• What is required
Please repeat the lines below, exactly and only, from the one that holds "balanced (fun a => ec" through the one that holds "have mem_mask (R".

• Task material

* * * *

(* Let $H=(V,E)$ be a finite hypergraph with edge set $E=\{e_1,\dots,e_m\}$ ($m\ge 1$), where every edge has at least two vertices and $V=e_1\cup\cdots\cup e_m$. Let $e_m^- := e_m\setminus(e_1\cup\cdots\cup e_{m-1})$ and assume $|e_m^-|\ge 2$. Assume moreover: 1. if $|V|\equiv 0 \pmod 4$, then $m\equiv 1\pmod 4$; 2. if $|V|\equiv 2\pmod 4$, then $m\not\equiv 0\pmod 4$; 3. if $|V|\equiv 3\pmod 4$ and $|e_m^-|=2$, then $m\not\equiv 0\pmod 4$. Let $H^-$ be the hypergraph with vertex set $V\setminus e_m^-$ and edge set $\{e_1,\dots,e_{m-1}\}$. If $H^-$ is $\mathbb{Z}_2\times\mathbb{Z}_2$-cordial, then $H$ is $\mathbb{Z}_2\times\mathbb{Z}_2$-cordial.
   Context: Let $A=\mathbb{Z}_2\times\mathbb{Z}_2$ (the Klein four-group). For a hypergraph $H=(V,E)$ (edges are non-empty subsets of $V$) and a labeling $c:V\to A$, write $v_c(a)=|c^{-1}(a)|$. The labeling $c$ is $A$-friendly if $|v_c(a)-v_c(b)|\le 1$ for all $a,b\in A$. It induces the edge labeling $c^*:E\to A$, $c^*(e)=\sum_{v\in e}c(v)$; write $e_{c^*}(a)=|(c^* )^{-1}(a)|$. The hypergraph $H$ is $A$-cordial if it admits an $A$-friendly labeling $c$ such that $|e_{c^*}(a)-e_{c^*}(b)|\le 1$ for all $a,b\in A$. *)

From HB Require Import structures.
From mathcomp Require Import all_boot all_order all_algebra.
Set Implicit Arguments. Unset Strict Implicit. Unset Printing Implicit Defensive.
Import GRing.Theory.

Definition klein := ('Z_2 * 'Z_2)%type.

(* A hypergraph is given by a vertex set V : {set T} and a list of edges
   E : seq {set T} (edges are subsets of V). *)

Definition vcount (T : finType) (V : {set T}) (c : T -> klein) (a : klein) : nat :=
  #|[set v in V | c v == a]|.

Definition elabel (T : finType) (c : T -> klein) (e : {set T}) : klein :=
  (\sum_(v in e) c v)%R.

Definition ecount (T : finType) (E : seq {set T}) (c : T -> klein) (a : klein) : nat :=
  count (fun e => elabel c e == a) E.

Definition friendly (T : finType) (V : {set T}) (c : T -> klein) : Prop :=
  forall a b : klein, vcount V c a <= vcount V c b + 1.

Definition cordial (T : finType) (V : {set T}) (E : seq {set T}) : Prop :=
  exists c : T -> klein, friendly V c /\
    (forall a b : klein, ecount E c a <= ecount E c b + 1).

From HB Require Import structures.
From mathcomp Require Import all_boot all_order all_algebra.
From mathcomp Require Import zify.
Import GRing.Theory.

Set Implicit Arguments.
Unset Strict Implicit.
Unset Printing Implicit Defensive.

(* Start from a cordial labeling of H^-: only the k = |e_m^-| >= 2 new vertices
   remain to be labeled, and their labels w only change the vertex counts and
   the label s + sum(w) of e_m.  Subtracting the minimum from the vertex and
   edge counts leaves 0/1 functions, and appending one copy of each element of
   Z_2 x Z_2 to w keeps both balances and sum(w), so k reduces to 2 <= k <= 6.
   There, the sums of balanced completions w take 1, 4, 3 or 4 values as
   |V| = 0, 1, 2, 3 (mod 4) (only 3 values if |V| = 3 and k = 2), while the
   minimal edge counts are attained at 4 labels if m = 1, at 1 if m = 0 and at
   2 or more otherwise (mod 4).  The hypotheses make these numbers add up to
   more than 4, so some s + sum(w) is a minimal edge label.  For 2 <= k <= 6
   the existence of such a completion is checked by computation. *)

Definition words (T : Type) (xs : seq T) (n : nat) : seq (seq T) :=
  iter n (fun ws => [seq x :: w | x <- xs, w <- ws]) [:: [::]].

Lemma mem_words (T : eqType) (xs : seq T) (n : nat) (w : seq T) :
  (w \in words xs n) = (size w == n) && all (mem xs) w.
Proof.
elim: n w => [|n IHn] [|x w] //=.
  by apply/negbTE/allpairsPdep => -[y [w' [_ _]]].
rewrite eqSS; apply/allpairsPdep/and3P.
  by case=> y [w' [xs_y]]; rewrite IHn => /andP[size_w' all_w'] [-> ->].
by case=> size_w xs_x all_w; exists x, w; rewrite IHn size_w all_w.
Qed.

(* One word per multiset of size n over a duplicate-free xs. *)
Fixpoint multisets (T : Type) (xs : seq T) (n : nat) : seq (seq T) :=
  if xs is x :: xs' then
    [seq nseq i x ++ w | i <- iota 0 n.+1, w <- multisets xs' (n - i)]
  else if n is 0 then [:: [::]] else [::].

Lemma multisets_size (T : eqType) (xs : seq T) (n : nat) (w : seq T) :
  w \in multisets xs n -> size w = n.
Proof.
elim: xs n w => [|x xs IHxs] n w.
  by case: n => [|n]; rewrite ?inE // => /eqP ->.
case/allpairsPdep => i [w' [i_le /IHxs size_w' ->]].
by rewrite size_cat size_nseq size_w'; move: i_le; rewrite mem_iota; lia.
Qed.

Lemma sum_eq_indicator (I : finType) (x : I) : \sum_i (x == i) = 1.
Proof. by rewrite (bigD1 x) //= eqxx big1 // => i; rewrite eq_sym => /negbTE ->. Qed.

Definition kleins : seq klein := [:: (0, 0); (0, 1); (1, 0); (1, 1)]%R.

Lemma mem_kleins (a : klein) : a \in kleins.
Proof.
have Z2_cases (z : 'Z_2) : z = 0%R \/ z = 1%R.
  by case: z => [[|[|//]] ?]; [left | right]; apply: val_inj.
by case: a => x y; case: (Z2_cases x) => ->; case: (Z2_cases y) => ->.
Qed.

Lemma kleins_uniq : uniq kleins.
Proof. by vm_compute. Qed.

Lemma big_kleins (R : Type) (idx : R) (op : Monoid.com_law idx) (F : klein -> R) :
  \big[op/idx]_(a <- kleins) F a = \big[op/idx]_(a : klein) F a.
Proof.
rewrite -big_enum; apply/perm_big/uniq_perm; rewrite ?kleins_uniq ?enum_uniq //.
by move=> a; rewrite mem_kleins mem_enum.
Qed.

Lemma count_kleins (a : klein) : count_mem a kleins = 1.
Proof. by rewrite count_uniq_mem ?kleins_uniq ?mem_kleins. Qed.

Lemma sum_kleins : (\sum_(a <- kleins) a)%R = 0%R.
Proof. by rewrite !big_cons big_nil; apply/eqP; vm_compute. Qed.

Definition balanced (f : klein -> nat) : Prop := forall a b, f a <= f b + 1.

Definition balancedb (f : klein -> nat) : bool :=
  let vs := map f kleins in all (fun x => all (fun y => x <= y + 1) vs) vs.

Lemma balancedP (f : klein -> nat) : reflect (balanced f) (balancedb f).
Proof.
rewrite /balancedb; cbv zeta; rewrite all_map.
apply: (iffP allP) => [f_bal a b | f_bal a _].
  by have /allP := f_bal a (mem_kleins a); apply; rewrite map_f ?mem_kleins.
by apply/allP => _ /mapP[b _ ->]; apply: f_bal.
Qed.

Lemma eq_balanced (f g : klein -> nat) : f =1 g -> balanced f -> balanced g.
Proof. by move=> fg f_bal a b; rewrite -!fg. Qed.

(* vc and ec are the vertex and edge counts of the old labeling, w lists the
   labels of the new vertices and s is the label sum of the old vertices of
   the new edge. *)
Definition balanced_completion (vc ec : klein -> nat) (s : klein) (w : seq klein) :=
  balanced (fun a => vc a + count_mem a w) /\
  balanced (fun a => ec a + (s + \sum_(x <- w) x == a)%R).

(* N and M are the numbers of vertices and edges after the extension. *)
Definition extension_condition (N M k : nat) : bool :=
  [&& (N %% 4 == 0) ==> (M %% 4 == 1),
      (N %% 4 == 2) ==> (M %% 4 != 0)
    & (N %% 4 == 3) && (k == 2) ==> (M %% 4 != 0)].

Lemma extension_condition_offset (i j N M k : nat) :
  extension_condition (i * 4 + N) (j * 4 + M) k = extension_condition N M k.
Proof. by rewrite /extension_condition !modnMDl. Qed.

(* Balance and sum are invariant under permutation, so multisets suffice. *)
Definition completion_sums (S : seq klein) (k : nat) : seq klein :=
  [seq foldr +%R 0%R w | w <- multisets kleins k
                       & balancedb (fun a => (a \in S) + count_mem a w)].

Lemma small_completions_exist :
  all (fun mS => all (fun k =>
      let S := mask mS kleins in let ys := completion_sums S k in
      all (fun mD => let D := mask mD kleins in all (fun s =>
        extension_condition (size S + k) (size D + 1) k ==>
        has (fun y => balancedb (fun a => (a \in D) + (s + y == a)%R)) ys)
      kleins) (words [:: false; true] 4))
    (iota 2 5)) (words [:: false; true] 4).
Proof. by vm_compute. Qed.

Lemma small_indicator_completion (P Q : pred klein) (s : klein) (k : nat) :
  2 <= k <= 6 ->
  extension_condition (count P kleins + k) (count Q kleins + 1) k ->
  exists2 w, size w = k & balanced_completion P Q s w.
Proof.
move=> k_bounds cond.
have mask_words (R : pred klein) : map R kleins \in words [:: false; true] 4.
  by rewrite mem_words size_map; apply/allP => -[].
have mem_mask (R : pred klein) a : (a \in mask (map R kleins) kleins) = R a.
  by rewrite -filter_mask mem_filter mem_kleins andbT.
have k_iota : k \in iota 2 5 by rewrite mem_iota; lia.
move/allP/(_ _ (mask_words P))/allP/(_ _ k_iota): small_completions_exist.
move/allP/(_ _ (mask_words Q))/allP/(_ _ (mem_kleins s)).
rewrite -!filter_mask !size_filter cond => /hasP[y /mapP[w w_in ->]].
move: w_in; rewrite mem_filter => /andP[/balancedP w_vbal /multisets_size size_w].
move/balancedP => w_ebal.
exists w => //; split.
  by apply: eq_balanced w_vbal => a; rewrite filter_mask mem_mask.
by apply: eq_balanced w_ebal => a; rewrite filter_mask mem_mask foldrE.
Qed.

Lemma indicator_completion (P Q : pred klein) (s : klein) (k : nat) :
  2 <= k ->
  extension_condition (count P kleins + k) (count Q kleins + 1) k ->
  exists2 w, size w = k & balanced_completion P Q s w.
Proof.
elim/ltn_ind: k => k IHk k_ge2 cond.
have [k_le6 | k_gt6] := leqP k 6.
  by apply: small_indicator_completion; rewrite ?k_ge2.
have [|||w size_w [w_vbal w_ebal]] := IHk (k - 4); [lia | lia | |].
  have N_mod : (count P kleins + k) %% 4 = (count P kleins + (k - 4)) %% 4 by lia.
  move: cond; rewrite /extension_condition N_mod => /and3P[-> -> _] /=.
  by rewrite (_ : k - 4 == 2 = false) ?andbF //; apply/eqP; lia.
exists (w ++ kleins); first by rewrite size_cat size_w /=; lia.
split=> a b.
  by rewrite !count_cat !count_kleins; have := w_vbal a b; lia.
by rewrite big_cat /= sum_kleins addr0; apply: w_ebal.
Qed.

Lemma balanced_offset (f : klein -> nat) :
  balanced f -> exists (mu : nat) (P : pred klein), f =1 (fun a => mu + P a).
Proof.
move=> f_bal; have [a0 _ a0_min] := @arg_minnP _ (0, 0)%R xpredT f isT.
exists (f a0), (fun a => f a != f a0) => a.
by have := a0_min a isT; have := f_bal a a0; case: eqP => /=; lia.
Qed.

Lemma sum_offset (mu : nat) (P : pred klein) :
  \sum_(a : klein) (mu + P a) = mu * 4 + count P kleins.
Proof. by rewrite -big_kleins !big_cons big_nil /=; lia. Qed.

Lemma balanced_completion_exists (vc ec : klein -> nat) (s : klein) (k : nat) :
  balanced vc -> balanced ec -> 2 <= k ->
  extension_condition (\sum_a vc a + k) (\sum_a ec a + 1) k ->
  exists2 w, size w = k & balanced_completion vc ec s w.
Proof.
move=> /balanced_offset[mu [P vcE]] /balanced_offset[nu [Q ecE]] k_ge2.
rewrite (eq_bigr _ (fun a _ => vcE a)) (eq_bigr _ (fun a _ => ecE a)) !sum_offset.
rewrite -(addnA (mu * 4)) -(addnA (nu * 4)) extension_condition_offset => cond.
have [w size_w [w_vbal w_ebal]] := indicator_completion s k_ge2 cond.
exists w => //; split=> a b; rewrite ?vcE ?ecE.
  by have := w_vbal a b; lia.
by have := w_ebal a b; lia.
Qed.

Section Labelings.

Variable T : finType.
Implicit Types (A D e : {set T}) (E : seq {set T}) (c : T -> klein).

Lemma vcountE A c a : vcount A c a = \sum_(v in A) (c v == a).
Proof.
rewrite /vcount -sum1_card (eq_bigl (fun v => (v \in A) && (c v == a))) => [|v].
  by rewrite big_mkcondr; apply: eq_bigr => v _; case: eqP.
by rewrite inE.
Qed.

Lemma sum_vcount A c : \sum_a vcount A c a = #|A|.
Proof.
under eq_bigr do rewrite vcountE.
by rewrite exchange_big -sum1_card; apply: eq_bigr => v _; rewrite sum_eq_indicator.
Qed.

Lemma sum_ecount E c : \sum_a ecount E c a = size E.
Proof.
elim: E => [|e E IHE]; first by rewrite big1.
by rewrite big_split /= sum_eq_indicator IHE.
Qed.

Lemma vcount_setID A D c a : vcount A c a = vcount (A :&: D) c a + vcount (A :\: D) c a.
Proof. by rewrite !vcountE (big_setID D). Qed.

Lemma elabel_setID e D c : elabel c e = (elabel c (e :&: D) + elabel c (e :\: D))%R.
Proof. by rewrite /elabel (big_setID D). Qed.

Lemma eq_in_vcount A c c' a : {in A, c =1 c'} -> vcount A c a = vcount A c' a.
Proof. by move=> cc'; rewrite !vcountE; apply: eq_bigr => v /cc' ->. Qed.

Lemma eq_in_elabel e c c' : {in e, c =1 c'} -> elabel c e = elabel c' e.
Proof. by move=> cc'; apply: eq_bigr => v /cc' ->. Qed.

Lemma eq_in_ecount E c c' a :
  {in E, forall e, {in e, c =1 c'}} -> ecount E c a = ecount E c' a.
Proof. by move=> cc'; apply: eq_in_count => e /cc' /eq_in_elabel /= ->. Qed.

Lemma vcount_enum D c a : vcount D c a = count_mem a (map c (enum D)).
Proof.
rewrite vcountE -big_enum -sum1_count big_map [RHS]big_mkcond /=.
by apply: eq_bigr => v _; case: eqP.
Qed.

Lemma elabel_enum D c : elabel c D = (\sum_(x <- map c (enum D)) x)%R.
Proof. by rewrite big_map big_enum. Qed.

Lemma ecount_rcons E e c a : ecount (rcons E e) c a = ecount E c a + (elabel c e == a).
Proof. by rewrite /ecount -cats1 count_cat /= addn0. Qed.

Lemma extend_labeling (R : Type) (c' : T -> R) D (w : seq R) :
  size w = #|D| -> exists2 c : T -> R, {in ~: D, c =1 c'} & map c (enum D) = w.
Proof.
move=> size_w.
exists (fun v => if v \in D then nth (c' v) w (index v (enum D)) else c' v).
  by move=> v; rewrite inE => /negbTE ->.
have := enum_uniq (mem D); rewrite cardE in size_w.
case Es: (enum D) size_w => [|y0 s] size_w D_uniq; first by case: w size_w.
rewrite -Es in size_w D_uniq *.
apply: (@eq_from_nth _ (c' y0)); first by rewrite size_map.
move=> i; rewrite size_map => i_lt.
rewrite (nth_map y0) // -mem_enum mem_nth // index_uniq //.
by rewrite (set_nth_default (c' y0)) // size_w.
Qed.

End Labelings.

Theorem theorem2 (T : finType) (es : seq {set T}) (em : {set T}) :
  let E := rcons es em in
  let m := (size es).+1 in
  let V := \bigcup_(e <- E) e in
  let emm := em :\: \bigcup_(e <- es) e in
  uniq E ->
  (forall e, e \in E -> 2 <= #|e|) ->
  2 <= #|emm| ->
  (#|V| %% 4 = 0 -> m %% 4 = 1) ->
  (#|V| %% 4 = 2 -> m %% 4 <> 0) ->
  (#|V| %% 4 = 3 -> #|emm| = 2 -> m %% 4 <> 0) ->
  cordial (V :\: emm) es -> cordial V E.
Proof.
move=> E m V emm _ _ k_ge2 cond0 cond2 cond3 [c' [c'_friendly c'_cordial]].
set U := \bigcup_(e <- es) e.
have V_def : V = U :|: em by rewrite /V /E big_rcons.
have [VIU VDU VDemm] : [/\ V :&: U = U, V :\: U = emm & V :\: emm = U].
  by split; apply/setP => v; rewrite V_def !inE; case: (v \in U) (v \in em) => [] [].
rewrite VDemm in c'_friendly.
have cond : extension_condition (\sum_a vcount U c' a + #|emm|)
                                (\sum_a ecount es c' a + 1) #|emm|.
  have card_V : #|U| + #|emm| = #|V| by rewrite -{1}VIU -VDU cardsID.
  rewrite sum_vcount sum_ecount addn1 card_V.
  apply/and3P; split; apply/implyP.
  - by move=> /eqP/cond0/eqP.
  - by move=> /eqP/cond2/eqP.
  - by case/andP => /eqP V3 /eqP k2; apply/eqP; exact: cond3.
have [w size_w [w_vbal w_ebal]] :=
  balanced_completion_exists (elabel c' (em :&: U)) c'_friendly c'_cordial k_ge2 cond.
have [c c_out c_emm] := extend_labeling c' size_w.
have c_U : {in U, c =1 c'} by move=> v v_U; apply: c_out; rewrite !inE v_U.
exists c; split=> a b.
  rewrite !(vcount_setID V U) VIU VDU !(vcount_enum emm) c_emm !(eq_in_vcount _ c_U).
  exact: w_vbal.
have es_c : {in es, forall e : {set T}, {in e, c =1 c'}}.
  by move=> e e_es v v_e; apply: c_U; rewrite /U bigcup_seq; apply/bigcupP; exists e.
have emU_c : {in em :&: U, c =1 c'} by move=> v /setIP[_ /c_U].
rewrite /E !ecount_rcons !(eq_in_ecount _ es_c) (elabel_setID em U) (eq_in_elabel emU_c).
by rewrite (elabel_enum emm) c_emm; apply: w_ebal.
Qed.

* * * *

• Result of the task
  balanced (fun a => ec a + (s + \sum_(x <- w) x == a)%R).

(* N and M are the numbers of vertices and edges after the extension. *)
Definition extension_condition (N M k : nat) : bool :=
  [&& (N %% 4 == 0) ==> (M %% 4 == 1),
      (N %% 4 == 2) ==> (M %% 4 != 0)
    & (N %% 4 == 3) && (k == 2) ==> (M %% 4 != 0)].

Lemma extension_condition_offset (i j N M k : nat) :
  extension_condition (i * 4 + N) (j * 4 + M) k = extension_condition N M k.
Proof. by rewrite /extension_condition !modnMDl. Qed.

(* Balance and sum are invariant under permutation, so multisets suffice. *)
Definition completion_sums (S : seq klein) (k : nat) : seq klein :=
  [seq foldr +%R 0%R w | w <- multisets kleins k
                       & balancedb (fun a => (a \in S) + count_mem a w)].

Lemma small_completions_exist :
  all (fun mS => all (fun k =>
      let S := mask mS kleins in let ys := completion_sums S k in
      all (fun mD => let D := mask mD kleins in all (fun s =>
        extension_condition (size S + k) (size D + 1) k ==>
        has (fun y => balancedb (fun a => (a \in D) + (s + y == a)%R)) ys)
      kleins) (words [:: false; true] 4))
    (iota 2 5)) (words [:: false; true] 4).
Proof. by vm_compute. Qed.

Lemma small_indicator_completion (P Q : pred klein) (s : klein) (k : nat) :
  2 <= k <= 6 ->
  extension_condition (count P kleins + k) (count Q kleins + 1) k ->
  exists2 w, size w = k & balanced_completion P Q s w.
Proof.
move=> k_bounds cond.
have mask_words (R : pred klein) : map R kleins \in words [:: false; true] 4.
  by rewrite mem_words size_map; apply/allP => -[].
have mem_mask (R : pred klein) a : (a \in mask (map R kleins) kleins) = R a.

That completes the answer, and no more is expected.